[Task instructions]
Go line by line through the records below. Copy whichever lines contain the string "exists".

[Saved data entries]
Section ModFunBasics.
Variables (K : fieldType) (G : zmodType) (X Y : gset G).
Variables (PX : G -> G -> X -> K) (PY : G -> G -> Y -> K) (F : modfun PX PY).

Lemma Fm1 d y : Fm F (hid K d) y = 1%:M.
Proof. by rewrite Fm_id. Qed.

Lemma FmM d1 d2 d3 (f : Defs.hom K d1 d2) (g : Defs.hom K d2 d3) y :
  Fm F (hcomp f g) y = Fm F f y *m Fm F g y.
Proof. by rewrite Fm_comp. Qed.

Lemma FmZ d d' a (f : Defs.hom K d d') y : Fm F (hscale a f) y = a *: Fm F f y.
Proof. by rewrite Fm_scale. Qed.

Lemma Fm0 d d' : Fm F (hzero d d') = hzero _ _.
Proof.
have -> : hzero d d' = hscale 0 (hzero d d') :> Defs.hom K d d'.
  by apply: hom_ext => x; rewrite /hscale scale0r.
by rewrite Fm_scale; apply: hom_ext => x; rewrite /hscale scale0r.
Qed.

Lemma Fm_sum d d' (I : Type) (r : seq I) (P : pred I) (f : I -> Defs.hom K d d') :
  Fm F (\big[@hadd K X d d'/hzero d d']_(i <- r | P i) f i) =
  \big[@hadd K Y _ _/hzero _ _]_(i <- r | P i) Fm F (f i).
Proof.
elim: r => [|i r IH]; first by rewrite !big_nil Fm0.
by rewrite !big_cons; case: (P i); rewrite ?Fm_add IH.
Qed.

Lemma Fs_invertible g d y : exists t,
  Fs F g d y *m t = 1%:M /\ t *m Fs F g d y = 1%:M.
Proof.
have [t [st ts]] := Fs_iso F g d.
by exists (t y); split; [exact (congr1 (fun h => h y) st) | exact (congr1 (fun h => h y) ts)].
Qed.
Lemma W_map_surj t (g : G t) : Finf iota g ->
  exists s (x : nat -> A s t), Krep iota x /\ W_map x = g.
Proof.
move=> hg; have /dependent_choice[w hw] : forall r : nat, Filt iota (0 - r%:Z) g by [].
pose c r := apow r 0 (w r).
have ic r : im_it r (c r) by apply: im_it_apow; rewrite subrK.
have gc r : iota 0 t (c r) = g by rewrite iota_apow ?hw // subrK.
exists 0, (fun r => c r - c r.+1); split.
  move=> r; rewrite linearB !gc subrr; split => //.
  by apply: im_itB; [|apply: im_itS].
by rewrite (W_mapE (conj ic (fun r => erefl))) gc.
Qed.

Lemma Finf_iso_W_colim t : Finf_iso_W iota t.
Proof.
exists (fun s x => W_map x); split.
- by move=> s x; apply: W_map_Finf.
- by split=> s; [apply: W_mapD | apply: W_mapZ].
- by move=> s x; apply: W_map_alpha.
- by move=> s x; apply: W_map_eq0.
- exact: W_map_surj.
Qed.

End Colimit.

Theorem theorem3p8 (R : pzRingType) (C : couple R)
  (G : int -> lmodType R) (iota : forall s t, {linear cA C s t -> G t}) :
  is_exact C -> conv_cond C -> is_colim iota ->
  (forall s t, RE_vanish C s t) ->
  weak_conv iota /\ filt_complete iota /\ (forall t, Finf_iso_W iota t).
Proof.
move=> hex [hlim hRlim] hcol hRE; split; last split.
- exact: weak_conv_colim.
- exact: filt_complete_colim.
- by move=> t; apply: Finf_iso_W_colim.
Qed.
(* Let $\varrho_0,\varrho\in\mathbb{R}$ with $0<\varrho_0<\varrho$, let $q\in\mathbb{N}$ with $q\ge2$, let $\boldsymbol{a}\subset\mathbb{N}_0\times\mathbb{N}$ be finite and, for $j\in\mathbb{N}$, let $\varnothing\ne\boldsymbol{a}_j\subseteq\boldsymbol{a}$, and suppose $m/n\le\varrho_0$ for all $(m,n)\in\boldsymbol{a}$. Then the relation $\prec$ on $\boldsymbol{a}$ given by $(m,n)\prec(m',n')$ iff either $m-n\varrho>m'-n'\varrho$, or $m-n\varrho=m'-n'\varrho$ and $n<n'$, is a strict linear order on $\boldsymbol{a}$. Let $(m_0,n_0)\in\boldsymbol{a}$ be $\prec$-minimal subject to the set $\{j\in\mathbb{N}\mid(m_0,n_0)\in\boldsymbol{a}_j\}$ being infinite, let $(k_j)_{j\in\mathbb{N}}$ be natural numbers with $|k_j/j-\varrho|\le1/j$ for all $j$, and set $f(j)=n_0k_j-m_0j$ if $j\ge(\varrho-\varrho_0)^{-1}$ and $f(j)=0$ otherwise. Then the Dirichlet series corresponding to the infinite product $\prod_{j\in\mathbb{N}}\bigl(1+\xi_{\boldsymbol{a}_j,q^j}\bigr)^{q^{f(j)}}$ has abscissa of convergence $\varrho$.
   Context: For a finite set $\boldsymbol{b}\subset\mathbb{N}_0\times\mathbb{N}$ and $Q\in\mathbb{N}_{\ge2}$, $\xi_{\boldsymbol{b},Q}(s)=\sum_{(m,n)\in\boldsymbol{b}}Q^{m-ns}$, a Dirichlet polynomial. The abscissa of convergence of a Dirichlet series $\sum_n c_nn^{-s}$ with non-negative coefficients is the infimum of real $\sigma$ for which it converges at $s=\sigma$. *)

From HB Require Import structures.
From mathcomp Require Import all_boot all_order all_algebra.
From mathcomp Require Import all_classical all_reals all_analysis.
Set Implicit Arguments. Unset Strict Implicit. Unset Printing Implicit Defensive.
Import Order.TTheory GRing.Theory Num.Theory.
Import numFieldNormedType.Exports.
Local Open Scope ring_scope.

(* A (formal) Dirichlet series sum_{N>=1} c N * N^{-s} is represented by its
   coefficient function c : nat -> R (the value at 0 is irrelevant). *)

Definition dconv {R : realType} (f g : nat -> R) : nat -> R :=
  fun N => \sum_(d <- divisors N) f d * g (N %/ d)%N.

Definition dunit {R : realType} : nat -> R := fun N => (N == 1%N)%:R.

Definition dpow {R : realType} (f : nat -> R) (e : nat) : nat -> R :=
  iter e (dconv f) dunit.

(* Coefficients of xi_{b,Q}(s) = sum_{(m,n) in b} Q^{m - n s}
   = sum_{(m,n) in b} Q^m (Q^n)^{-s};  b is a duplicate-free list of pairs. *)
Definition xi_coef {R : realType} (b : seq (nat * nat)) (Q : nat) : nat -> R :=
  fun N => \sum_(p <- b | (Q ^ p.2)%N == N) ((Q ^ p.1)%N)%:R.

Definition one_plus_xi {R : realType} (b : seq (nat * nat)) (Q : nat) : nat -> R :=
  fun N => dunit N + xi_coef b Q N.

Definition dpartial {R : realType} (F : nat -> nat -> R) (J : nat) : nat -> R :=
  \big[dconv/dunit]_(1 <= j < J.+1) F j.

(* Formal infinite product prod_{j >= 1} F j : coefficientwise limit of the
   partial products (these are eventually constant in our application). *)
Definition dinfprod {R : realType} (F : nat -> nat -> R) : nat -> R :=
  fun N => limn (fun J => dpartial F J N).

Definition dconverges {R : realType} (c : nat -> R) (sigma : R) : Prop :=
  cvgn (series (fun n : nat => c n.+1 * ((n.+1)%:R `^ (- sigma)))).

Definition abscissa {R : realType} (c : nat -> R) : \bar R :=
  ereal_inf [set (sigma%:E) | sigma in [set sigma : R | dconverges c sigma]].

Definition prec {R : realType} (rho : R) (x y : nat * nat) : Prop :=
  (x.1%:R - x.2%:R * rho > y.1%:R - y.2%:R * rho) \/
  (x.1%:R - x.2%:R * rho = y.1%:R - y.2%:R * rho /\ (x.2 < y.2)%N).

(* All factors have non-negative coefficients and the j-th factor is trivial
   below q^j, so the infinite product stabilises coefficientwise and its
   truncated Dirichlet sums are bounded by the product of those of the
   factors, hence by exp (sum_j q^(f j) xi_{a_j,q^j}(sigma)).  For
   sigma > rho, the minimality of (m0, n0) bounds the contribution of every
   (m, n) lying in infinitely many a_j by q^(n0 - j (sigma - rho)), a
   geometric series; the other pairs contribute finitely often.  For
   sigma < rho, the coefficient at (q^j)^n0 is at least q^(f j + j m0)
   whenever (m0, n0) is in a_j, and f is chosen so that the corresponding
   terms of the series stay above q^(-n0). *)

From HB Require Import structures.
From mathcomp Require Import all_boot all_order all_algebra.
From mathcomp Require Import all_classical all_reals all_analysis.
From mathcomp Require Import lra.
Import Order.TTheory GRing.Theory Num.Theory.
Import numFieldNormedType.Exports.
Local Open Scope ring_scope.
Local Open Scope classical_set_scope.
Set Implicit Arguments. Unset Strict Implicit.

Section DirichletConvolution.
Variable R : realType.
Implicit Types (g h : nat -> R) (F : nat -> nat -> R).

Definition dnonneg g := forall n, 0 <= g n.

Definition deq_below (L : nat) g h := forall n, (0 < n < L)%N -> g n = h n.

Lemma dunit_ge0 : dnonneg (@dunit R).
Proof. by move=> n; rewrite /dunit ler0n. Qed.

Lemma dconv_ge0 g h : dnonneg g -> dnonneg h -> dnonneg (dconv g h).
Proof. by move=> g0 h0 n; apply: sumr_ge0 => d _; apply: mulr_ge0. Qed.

[Problem solution]
Lemma Fs_invertible g d y : exists t,
by exists (t y); split; [exact (congr1 (fun h => h y) st) | exact (congr1 (fun h => h y) ts)].
  exists s (x : nat -> A s t), Krep iota x /\ W_map x = g.
exists 0, (fun r => c r - c r.+1); split.
exists (fun s x => W_map x); split.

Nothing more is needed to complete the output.